## Exercise
Review the listing and copy each line that holds the word "Fixpoint".
*** Supplied information ***
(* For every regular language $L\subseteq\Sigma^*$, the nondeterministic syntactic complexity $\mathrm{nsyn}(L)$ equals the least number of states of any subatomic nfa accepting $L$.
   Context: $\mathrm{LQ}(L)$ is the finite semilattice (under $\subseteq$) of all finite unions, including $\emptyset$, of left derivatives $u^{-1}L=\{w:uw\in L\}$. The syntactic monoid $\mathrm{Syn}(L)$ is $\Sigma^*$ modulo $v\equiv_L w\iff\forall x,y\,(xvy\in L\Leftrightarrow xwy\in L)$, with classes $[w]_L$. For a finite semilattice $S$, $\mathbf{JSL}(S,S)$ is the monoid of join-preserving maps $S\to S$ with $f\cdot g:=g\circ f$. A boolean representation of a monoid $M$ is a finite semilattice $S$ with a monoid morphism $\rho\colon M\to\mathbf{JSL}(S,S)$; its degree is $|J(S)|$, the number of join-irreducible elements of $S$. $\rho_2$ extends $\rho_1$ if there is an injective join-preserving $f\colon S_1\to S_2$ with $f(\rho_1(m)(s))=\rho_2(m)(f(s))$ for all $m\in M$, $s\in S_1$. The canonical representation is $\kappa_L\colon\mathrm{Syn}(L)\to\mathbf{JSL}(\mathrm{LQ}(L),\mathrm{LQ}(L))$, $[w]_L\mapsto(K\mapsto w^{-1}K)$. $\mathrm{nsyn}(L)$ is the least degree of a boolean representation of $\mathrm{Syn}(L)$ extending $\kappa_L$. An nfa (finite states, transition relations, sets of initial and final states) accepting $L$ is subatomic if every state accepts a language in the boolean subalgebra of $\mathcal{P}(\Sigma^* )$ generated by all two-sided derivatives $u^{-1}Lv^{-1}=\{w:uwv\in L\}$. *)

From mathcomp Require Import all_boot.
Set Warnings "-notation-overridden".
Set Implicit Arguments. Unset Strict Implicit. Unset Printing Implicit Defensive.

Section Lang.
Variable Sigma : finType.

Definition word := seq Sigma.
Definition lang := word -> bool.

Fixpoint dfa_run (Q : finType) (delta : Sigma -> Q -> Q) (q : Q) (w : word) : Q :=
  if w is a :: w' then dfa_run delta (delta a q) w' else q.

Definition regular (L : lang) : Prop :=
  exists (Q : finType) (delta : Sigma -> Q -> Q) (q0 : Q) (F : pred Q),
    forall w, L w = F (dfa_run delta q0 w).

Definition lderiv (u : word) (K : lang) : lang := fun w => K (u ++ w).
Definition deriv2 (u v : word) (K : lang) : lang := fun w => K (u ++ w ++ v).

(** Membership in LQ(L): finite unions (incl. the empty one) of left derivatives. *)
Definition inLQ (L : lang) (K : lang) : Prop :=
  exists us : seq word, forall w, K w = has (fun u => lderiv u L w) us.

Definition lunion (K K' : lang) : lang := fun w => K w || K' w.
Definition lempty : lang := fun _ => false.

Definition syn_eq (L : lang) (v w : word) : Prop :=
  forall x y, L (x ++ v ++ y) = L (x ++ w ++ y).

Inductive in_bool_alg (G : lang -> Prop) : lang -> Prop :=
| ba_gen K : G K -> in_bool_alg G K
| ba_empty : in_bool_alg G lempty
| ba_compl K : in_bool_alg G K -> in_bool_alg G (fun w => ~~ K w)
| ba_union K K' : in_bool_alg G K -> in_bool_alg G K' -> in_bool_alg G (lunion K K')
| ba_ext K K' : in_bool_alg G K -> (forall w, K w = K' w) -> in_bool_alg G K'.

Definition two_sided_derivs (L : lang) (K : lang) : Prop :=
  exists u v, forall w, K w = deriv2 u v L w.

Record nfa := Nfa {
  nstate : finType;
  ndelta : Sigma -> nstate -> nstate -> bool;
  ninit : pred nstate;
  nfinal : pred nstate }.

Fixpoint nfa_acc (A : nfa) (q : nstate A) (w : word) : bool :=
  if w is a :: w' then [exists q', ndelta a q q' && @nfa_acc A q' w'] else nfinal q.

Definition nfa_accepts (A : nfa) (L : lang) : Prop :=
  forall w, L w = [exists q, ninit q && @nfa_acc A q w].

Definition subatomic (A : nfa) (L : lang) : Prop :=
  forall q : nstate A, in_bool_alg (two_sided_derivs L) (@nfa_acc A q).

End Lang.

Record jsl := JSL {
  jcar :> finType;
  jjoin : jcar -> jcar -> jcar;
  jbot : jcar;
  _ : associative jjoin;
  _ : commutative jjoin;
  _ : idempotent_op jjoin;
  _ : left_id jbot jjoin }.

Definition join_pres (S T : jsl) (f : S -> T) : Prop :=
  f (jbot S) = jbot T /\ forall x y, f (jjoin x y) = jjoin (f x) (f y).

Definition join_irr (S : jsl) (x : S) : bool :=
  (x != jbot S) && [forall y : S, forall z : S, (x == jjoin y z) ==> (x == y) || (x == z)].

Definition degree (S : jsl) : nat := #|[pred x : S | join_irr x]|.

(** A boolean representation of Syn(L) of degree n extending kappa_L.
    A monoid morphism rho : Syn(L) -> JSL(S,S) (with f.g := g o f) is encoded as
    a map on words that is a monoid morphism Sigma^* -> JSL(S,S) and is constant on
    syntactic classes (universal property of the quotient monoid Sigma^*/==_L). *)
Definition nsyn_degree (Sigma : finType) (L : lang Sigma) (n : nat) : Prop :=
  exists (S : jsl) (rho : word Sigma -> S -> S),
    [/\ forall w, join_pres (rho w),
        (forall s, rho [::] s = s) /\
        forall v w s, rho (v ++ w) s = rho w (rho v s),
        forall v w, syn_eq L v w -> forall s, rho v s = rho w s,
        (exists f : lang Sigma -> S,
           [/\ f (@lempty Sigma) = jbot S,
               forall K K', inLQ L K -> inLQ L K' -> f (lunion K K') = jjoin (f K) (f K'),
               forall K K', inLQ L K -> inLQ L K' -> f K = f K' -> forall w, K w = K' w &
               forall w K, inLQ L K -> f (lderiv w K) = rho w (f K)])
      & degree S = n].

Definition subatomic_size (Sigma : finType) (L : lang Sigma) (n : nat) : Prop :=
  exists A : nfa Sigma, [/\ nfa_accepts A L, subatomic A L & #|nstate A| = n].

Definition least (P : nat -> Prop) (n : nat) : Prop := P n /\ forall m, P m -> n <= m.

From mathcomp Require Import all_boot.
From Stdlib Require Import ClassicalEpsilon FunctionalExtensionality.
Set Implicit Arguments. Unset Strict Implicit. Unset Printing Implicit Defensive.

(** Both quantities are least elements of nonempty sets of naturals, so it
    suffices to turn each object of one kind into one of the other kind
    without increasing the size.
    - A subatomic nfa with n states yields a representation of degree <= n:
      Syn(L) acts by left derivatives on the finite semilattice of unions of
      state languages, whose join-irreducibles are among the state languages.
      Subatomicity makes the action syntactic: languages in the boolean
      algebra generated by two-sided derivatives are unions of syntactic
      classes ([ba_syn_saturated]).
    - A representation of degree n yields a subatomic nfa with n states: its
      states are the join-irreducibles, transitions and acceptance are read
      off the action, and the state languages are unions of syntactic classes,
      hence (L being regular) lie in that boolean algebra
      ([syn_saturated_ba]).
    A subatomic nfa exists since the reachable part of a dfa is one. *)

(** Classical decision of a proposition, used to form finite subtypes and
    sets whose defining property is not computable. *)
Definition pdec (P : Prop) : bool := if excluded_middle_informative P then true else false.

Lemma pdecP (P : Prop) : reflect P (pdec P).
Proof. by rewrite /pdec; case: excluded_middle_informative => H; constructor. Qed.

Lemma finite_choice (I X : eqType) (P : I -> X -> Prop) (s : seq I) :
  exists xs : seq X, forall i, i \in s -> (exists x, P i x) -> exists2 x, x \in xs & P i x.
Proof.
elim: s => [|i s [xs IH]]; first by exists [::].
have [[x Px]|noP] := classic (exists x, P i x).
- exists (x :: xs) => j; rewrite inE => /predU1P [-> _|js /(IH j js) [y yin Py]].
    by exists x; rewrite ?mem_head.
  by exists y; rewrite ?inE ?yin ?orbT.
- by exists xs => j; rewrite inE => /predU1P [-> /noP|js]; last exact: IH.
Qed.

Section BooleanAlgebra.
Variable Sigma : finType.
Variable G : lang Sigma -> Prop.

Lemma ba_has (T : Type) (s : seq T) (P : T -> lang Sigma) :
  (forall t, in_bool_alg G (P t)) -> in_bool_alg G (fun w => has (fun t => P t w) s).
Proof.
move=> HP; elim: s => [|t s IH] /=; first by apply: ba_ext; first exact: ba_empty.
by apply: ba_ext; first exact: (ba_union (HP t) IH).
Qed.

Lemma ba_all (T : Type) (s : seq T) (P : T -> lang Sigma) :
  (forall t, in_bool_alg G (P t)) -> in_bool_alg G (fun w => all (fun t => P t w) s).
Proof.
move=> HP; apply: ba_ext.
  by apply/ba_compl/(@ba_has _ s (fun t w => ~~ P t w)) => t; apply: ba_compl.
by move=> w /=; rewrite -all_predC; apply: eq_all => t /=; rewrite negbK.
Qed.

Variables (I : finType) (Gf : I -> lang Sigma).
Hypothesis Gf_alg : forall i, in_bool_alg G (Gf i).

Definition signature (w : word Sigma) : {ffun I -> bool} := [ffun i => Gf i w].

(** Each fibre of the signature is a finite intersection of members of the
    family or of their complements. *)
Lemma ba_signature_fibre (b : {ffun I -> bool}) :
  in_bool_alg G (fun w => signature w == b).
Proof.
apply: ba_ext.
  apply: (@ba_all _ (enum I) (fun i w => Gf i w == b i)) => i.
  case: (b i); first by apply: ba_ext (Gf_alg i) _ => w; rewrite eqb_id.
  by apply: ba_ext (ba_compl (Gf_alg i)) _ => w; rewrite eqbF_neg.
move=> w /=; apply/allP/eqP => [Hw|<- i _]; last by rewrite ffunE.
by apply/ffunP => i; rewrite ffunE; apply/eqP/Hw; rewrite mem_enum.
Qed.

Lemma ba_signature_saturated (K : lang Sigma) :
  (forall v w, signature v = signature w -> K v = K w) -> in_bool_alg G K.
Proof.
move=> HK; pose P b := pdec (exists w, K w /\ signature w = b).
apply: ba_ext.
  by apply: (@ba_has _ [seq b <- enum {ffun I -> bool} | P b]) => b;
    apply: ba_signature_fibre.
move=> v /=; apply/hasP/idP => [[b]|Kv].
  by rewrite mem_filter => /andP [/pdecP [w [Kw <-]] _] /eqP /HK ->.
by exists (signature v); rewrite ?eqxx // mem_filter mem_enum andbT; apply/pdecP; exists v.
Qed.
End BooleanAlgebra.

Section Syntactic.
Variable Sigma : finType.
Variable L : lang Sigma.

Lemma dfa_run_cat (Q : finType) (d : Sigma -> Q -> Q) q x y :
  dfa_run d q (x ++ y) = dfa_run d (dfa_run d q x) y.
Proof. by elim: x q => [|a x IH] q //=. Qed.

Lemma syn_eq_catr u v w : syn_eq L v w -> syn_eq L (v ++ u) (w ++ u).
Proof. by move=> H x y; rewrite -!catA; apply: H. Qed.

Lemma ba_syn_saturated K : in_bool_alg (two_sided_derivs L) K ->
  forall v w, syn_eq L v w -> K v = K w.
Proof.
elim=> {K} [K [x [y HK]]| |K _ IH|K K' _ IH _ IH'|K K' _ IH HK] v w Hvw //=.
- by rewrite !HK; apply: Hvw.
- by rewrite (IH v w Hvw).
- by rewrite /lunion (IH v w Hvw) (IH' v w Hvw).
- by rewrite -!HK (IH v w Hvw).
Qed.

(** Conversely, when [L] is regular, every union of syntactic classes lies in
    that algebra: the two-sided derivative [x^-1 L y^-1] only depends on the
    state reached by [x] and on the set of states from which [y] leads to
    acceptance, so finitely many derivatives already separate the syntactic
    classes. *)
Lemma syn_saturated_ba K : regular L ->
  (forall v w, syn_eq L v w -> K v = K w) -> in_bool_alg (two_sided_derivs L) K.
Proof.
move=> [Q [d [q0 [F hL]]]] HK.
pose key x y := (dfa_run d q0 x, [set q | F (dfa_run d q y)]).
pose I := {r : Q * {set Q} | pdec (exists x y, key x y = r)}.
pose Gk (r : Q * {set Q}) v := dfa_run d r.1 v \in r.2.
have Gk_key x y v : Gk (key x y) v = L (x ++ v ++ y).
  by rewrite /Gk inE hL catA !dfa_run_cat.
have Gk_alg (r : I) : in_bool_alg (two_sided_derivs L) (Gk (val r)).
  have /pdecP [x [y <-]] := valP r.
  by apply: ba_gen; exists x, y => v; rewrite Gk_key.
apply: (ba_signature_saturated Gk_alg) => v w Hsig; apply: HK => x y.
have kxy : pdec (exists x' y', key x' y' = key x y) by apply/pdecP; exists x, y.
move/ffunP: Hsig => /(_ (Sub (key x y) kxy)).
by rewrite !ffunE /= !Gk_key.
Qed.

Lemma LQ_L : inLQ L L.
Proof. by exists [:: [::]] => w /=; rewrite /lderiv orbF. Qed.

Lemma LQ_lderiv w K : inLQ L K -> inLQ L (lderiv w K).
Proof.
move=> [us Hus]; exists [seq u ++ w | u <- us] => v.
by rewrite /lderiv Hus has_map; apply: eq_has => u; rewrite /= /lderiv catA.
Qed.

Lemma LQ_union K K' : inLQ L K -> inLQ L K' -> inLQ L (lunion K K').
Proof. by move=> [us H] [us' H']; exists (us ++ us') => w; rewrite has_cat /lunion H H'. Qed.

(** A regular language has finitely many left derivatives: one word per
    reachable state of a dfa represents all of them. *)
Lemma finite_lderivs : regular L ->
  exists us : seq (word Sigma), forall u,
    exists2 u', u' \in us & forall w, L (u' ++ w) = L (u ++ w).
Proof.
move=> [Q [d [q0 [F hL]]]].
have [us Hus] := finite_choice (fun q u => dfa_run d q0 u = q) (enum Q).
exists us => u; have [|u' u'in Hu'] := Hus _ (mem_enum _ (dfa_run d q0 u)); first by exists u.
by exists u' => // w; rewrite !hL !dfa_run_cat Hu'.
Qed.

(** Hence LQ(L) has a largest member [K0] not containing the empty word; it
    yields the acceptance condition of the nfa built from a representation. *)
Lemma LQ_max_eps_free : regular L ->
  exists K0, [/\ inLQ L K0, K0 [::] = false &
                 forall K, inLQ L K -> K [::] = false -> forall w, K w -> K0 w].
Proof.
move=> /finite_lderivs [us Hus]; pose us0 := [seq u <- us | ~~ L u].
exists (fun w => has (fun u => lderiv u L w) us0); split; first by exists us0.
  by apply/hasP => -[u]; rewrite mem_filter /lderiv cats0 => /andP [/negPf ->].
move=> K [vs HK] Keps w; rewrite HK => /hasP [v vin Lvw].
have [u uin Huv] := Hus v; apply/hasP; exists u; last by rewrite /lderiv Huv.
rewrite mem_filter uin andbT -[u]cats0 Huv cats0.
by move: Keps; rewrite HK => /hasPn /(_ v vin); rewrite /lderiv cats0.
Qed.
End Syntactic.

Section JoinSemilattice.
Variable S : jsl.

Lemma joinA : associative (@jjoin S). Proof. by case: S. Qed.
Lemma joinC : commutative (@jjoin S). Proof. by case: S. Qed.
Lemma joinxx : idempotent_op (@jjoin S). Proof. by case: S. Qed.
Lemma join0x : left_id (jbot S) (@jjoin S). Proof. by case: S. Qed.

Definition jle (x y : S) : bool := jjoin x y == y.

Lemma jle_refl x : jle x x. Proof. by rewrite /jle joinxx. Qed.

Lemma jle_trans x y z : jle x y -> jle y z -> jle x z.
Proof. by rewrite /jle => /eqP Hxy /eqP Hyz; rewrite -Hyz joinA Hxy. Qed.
*** End of Supplied information ***
## Exercise answer
Fixpoint dfa_run (Q : finType) (delta : Sigma -> Q -> Q) (q : Q) (w : word) : Q :=
Fixpoint nfa_acc (A : nfa) (q : nstate A) (w : word) : bool :=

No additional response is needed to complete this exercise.